EXERCISE BRIEF
Please copy, exactly as they appear below, the lines from the one containing "r < 6 -> r1 < 6" through the one containing "move=> r_lt6 r1_lt6".

#####

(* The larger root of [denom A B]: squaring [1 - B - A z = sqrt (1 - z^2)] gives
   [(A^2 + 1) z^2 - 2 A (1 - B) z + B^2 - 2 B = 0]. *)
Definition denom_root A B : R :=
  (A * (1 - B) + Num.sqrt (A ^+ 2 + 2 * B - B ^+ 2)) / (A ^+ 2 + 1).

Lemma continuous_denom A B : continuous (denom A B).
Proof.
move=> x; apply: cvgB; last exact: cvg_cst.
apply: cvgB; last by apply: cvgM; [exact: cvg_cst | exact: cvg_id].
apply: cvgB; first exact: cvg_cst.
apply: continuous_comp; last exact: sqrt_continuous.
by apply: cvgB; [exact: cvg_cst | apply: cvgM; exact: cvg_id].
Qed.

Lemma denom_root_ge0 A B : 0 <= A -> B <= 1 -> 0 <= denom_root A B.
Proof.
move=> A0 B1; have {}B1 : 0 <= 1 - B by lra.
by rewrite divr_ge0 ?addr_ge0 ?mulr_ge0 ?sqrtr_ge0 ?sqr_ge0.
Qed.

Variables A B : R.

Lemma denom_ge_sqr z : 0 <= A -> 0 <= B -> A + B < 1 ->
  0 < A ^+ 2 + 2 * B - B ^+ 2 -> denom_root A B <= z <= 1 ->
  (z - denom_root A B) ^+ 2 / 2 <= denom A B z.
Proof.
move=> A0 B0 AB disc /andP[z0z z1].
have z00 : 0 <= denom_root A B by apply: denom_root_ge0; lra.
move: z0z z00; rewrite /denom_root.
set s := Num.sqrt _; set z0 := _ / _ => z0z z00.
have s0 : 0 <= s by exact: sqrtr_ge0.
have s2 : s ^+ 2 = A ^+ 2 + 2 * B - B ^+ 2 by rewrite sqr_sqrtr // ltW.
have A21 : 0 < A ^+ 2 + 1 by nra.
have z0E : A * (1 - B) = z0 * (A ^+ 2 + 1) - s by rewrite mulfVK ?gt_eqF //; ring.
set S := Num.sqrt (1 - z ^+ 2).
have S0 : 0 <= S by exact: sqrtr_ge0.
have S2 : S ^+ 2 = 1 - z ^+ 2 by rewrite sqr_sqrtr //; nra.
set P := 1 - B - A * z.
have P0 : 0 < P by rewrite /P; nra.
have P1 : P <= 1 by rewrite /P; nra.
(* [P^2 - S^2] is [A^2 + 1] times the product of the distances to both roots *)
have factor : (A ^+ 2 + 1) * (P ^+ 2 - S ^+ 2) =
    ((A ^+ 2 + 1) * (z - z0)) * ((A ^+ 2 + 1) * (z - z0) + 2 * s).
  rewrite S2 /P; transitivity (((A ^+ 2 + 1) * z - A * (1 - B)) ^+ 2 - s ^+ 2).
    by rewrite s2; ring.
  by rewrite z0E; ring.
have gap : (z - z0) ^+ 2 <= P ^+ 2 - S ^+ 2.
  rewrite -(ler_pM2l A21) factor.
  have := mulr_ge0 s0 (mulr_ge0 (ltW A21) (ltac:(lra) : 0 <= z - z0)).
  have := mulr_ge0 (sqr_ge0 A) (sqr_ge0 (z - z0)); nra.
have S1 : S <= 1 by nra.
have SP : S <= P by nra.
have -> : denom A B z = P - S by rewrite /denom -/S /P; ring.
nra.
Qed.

#####

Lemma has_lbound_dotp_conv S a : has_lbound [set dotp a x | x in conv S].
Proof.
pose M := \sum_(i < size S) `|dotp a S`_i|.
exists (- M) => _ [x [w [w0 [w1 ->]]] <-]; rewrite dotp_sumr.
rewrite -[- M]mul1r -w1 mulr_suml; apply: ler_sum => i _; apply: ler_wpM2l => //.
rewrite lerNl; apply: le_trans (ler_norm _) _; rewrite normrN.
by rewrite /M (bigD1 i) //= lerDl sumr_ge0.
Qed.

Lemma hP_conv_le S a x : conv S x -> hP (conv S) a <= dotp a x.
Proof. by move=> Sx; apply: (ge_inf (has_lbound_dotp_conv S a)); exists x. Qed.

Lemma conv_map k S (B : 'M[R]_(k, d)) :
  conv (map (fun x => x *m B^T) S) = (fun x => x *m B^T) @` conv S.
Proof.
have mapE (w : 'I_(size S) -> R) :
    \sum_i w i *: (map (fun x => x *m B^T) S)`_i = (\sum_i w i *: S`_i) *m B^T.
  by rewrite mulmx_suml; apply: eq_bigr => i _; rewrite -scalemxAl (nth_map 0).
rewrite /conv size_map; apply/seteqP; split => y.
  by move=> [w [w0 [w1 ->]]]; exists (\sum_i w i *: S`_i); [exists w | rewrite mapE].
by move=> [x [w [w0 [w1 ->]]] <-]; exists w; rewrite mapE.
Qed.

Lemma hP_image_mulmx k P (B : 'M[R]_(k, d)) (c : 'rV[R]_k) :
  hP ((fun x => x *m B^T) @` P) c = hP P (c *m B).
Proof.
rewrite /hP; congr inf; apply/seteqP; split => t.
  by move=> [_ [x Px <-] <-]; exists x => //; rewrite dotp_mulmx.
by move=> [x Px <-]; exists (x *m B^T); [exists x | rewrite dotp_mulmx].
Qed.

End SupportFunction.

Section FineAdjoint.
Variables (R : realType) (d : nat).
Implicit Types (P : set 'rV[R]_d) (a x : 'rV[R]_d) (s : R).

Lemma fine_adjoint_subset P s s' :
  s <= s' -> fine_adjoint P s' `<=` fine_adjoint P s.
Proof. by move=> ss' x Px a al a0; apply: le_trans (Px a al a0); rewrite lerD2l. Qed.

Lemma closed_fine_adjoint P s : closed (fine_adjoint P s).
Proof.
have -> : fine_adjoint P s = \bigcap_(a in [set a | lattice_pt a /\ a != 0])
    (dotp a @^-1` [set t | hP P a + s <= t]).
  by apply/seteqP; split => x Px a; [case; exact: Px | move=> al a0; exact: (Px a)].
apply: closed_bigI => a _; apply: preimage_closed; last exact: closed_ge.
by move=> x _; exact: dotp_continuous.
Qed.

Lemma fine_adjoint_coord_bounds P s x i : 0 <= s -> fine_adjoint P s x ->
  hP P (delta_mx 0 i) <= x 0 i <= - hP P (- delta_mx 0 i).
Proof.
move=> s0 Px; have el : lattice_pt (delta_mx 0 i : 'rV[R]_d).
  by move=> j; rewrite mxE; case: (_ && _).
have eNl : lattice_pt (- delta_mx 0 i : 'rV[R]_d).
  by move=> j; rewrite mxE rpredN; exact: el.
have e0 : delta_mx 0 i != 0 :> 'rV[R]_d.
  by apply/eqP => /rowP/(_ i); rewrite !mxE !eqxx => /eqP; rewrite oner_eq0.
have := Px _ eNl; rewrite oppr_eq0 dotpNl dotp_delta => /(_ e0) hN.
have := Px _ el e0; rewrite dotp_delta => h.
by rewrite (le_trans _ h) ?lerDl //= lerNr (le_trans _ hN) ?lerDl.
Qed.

#####

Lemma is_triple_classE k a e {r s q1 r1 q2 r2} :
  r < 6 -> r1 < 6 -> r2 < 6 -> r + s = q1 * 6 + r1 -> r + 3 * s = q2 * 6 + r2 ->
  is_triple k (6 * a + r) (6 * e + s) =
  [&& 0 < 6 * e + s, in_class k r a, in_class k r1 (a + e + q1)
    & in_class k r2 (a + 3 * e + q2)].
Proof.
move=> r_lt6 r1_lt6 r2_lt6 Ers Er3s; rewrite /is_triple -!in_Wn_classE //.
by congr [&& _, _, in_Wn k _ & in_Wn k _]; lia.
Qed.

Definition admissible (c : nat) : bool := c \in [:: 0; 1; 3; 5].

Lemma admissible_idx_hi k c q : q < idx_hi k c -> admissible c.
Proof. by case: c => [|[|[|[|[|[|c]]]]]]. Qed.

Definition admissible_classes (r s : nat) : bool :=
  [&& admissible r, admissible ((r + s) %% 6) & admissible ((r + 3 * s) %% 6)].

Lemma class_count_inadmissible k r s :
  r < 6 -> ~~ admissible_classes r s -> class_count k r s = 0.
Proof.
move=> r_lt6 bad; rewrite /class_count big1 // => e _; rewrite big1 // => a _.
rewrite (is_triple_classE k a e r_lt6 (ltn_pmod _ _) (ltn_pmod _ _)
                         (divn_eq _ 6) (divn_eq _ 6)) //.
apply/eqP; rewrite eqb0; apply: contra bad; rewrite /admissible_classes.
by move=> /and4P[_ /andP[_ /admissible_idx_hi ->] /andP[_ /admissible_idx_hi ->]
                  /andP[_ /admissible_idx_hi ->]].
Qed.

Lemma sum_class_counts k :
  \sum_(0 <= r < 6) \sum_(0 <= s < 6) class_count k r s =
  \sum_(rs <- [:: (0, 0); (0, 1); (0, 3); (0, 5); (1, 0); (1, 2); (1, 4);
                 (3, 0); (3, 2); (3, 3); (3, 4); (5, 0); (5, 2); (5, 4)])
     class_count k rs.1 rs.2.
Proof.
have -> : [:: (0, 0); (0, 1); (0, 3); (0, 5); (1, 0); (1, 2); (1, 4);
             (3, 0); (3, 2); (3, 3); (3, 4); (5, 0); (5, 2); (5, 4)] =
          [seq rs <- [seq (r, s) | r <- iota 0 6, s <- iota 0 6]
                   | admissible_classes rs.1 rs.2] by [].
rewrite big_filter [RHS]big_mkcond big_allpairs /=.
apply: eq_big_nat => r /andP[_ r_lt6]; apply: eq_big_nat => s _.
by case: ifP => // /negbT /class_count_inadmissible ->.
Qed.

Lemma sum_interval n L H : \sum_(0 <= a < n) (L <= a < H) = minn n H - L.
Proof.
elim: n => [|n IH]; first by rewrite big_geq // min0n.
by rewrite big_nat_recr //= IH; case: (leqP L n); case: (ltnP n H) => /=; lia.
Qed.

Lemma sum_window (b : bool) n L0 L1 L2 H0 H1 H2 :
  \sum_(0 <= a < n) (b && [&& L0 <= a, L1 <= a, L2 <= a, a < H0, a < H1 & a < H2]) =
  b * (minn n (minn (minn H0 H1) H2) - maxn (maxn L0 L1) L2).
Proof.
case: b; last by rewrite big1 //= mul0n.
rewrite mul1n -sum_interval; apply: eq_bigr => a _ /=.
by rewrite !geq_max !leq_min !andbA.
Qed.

#####

EXERCISE SOLUTION
  r < 6 -> r1 < 6 -> r2 < 6 -> r + s = q1 * 6 + r1 -> r + 3 * s = q2 * 6 + r2 ->
  is_triple k (6 * a + r) (6 * e + s) =
  [&& 0 < 6 * e + s, in_class k r a, in_class k r1 (a + e + q1)
    & in_class k r2 (a + 3 * e + q2)].
Proof.
move=> r_lt6 r1_lt6 r2_lt6 Ers Er3s; rewrite /is_triple -!in_Wn_classE //.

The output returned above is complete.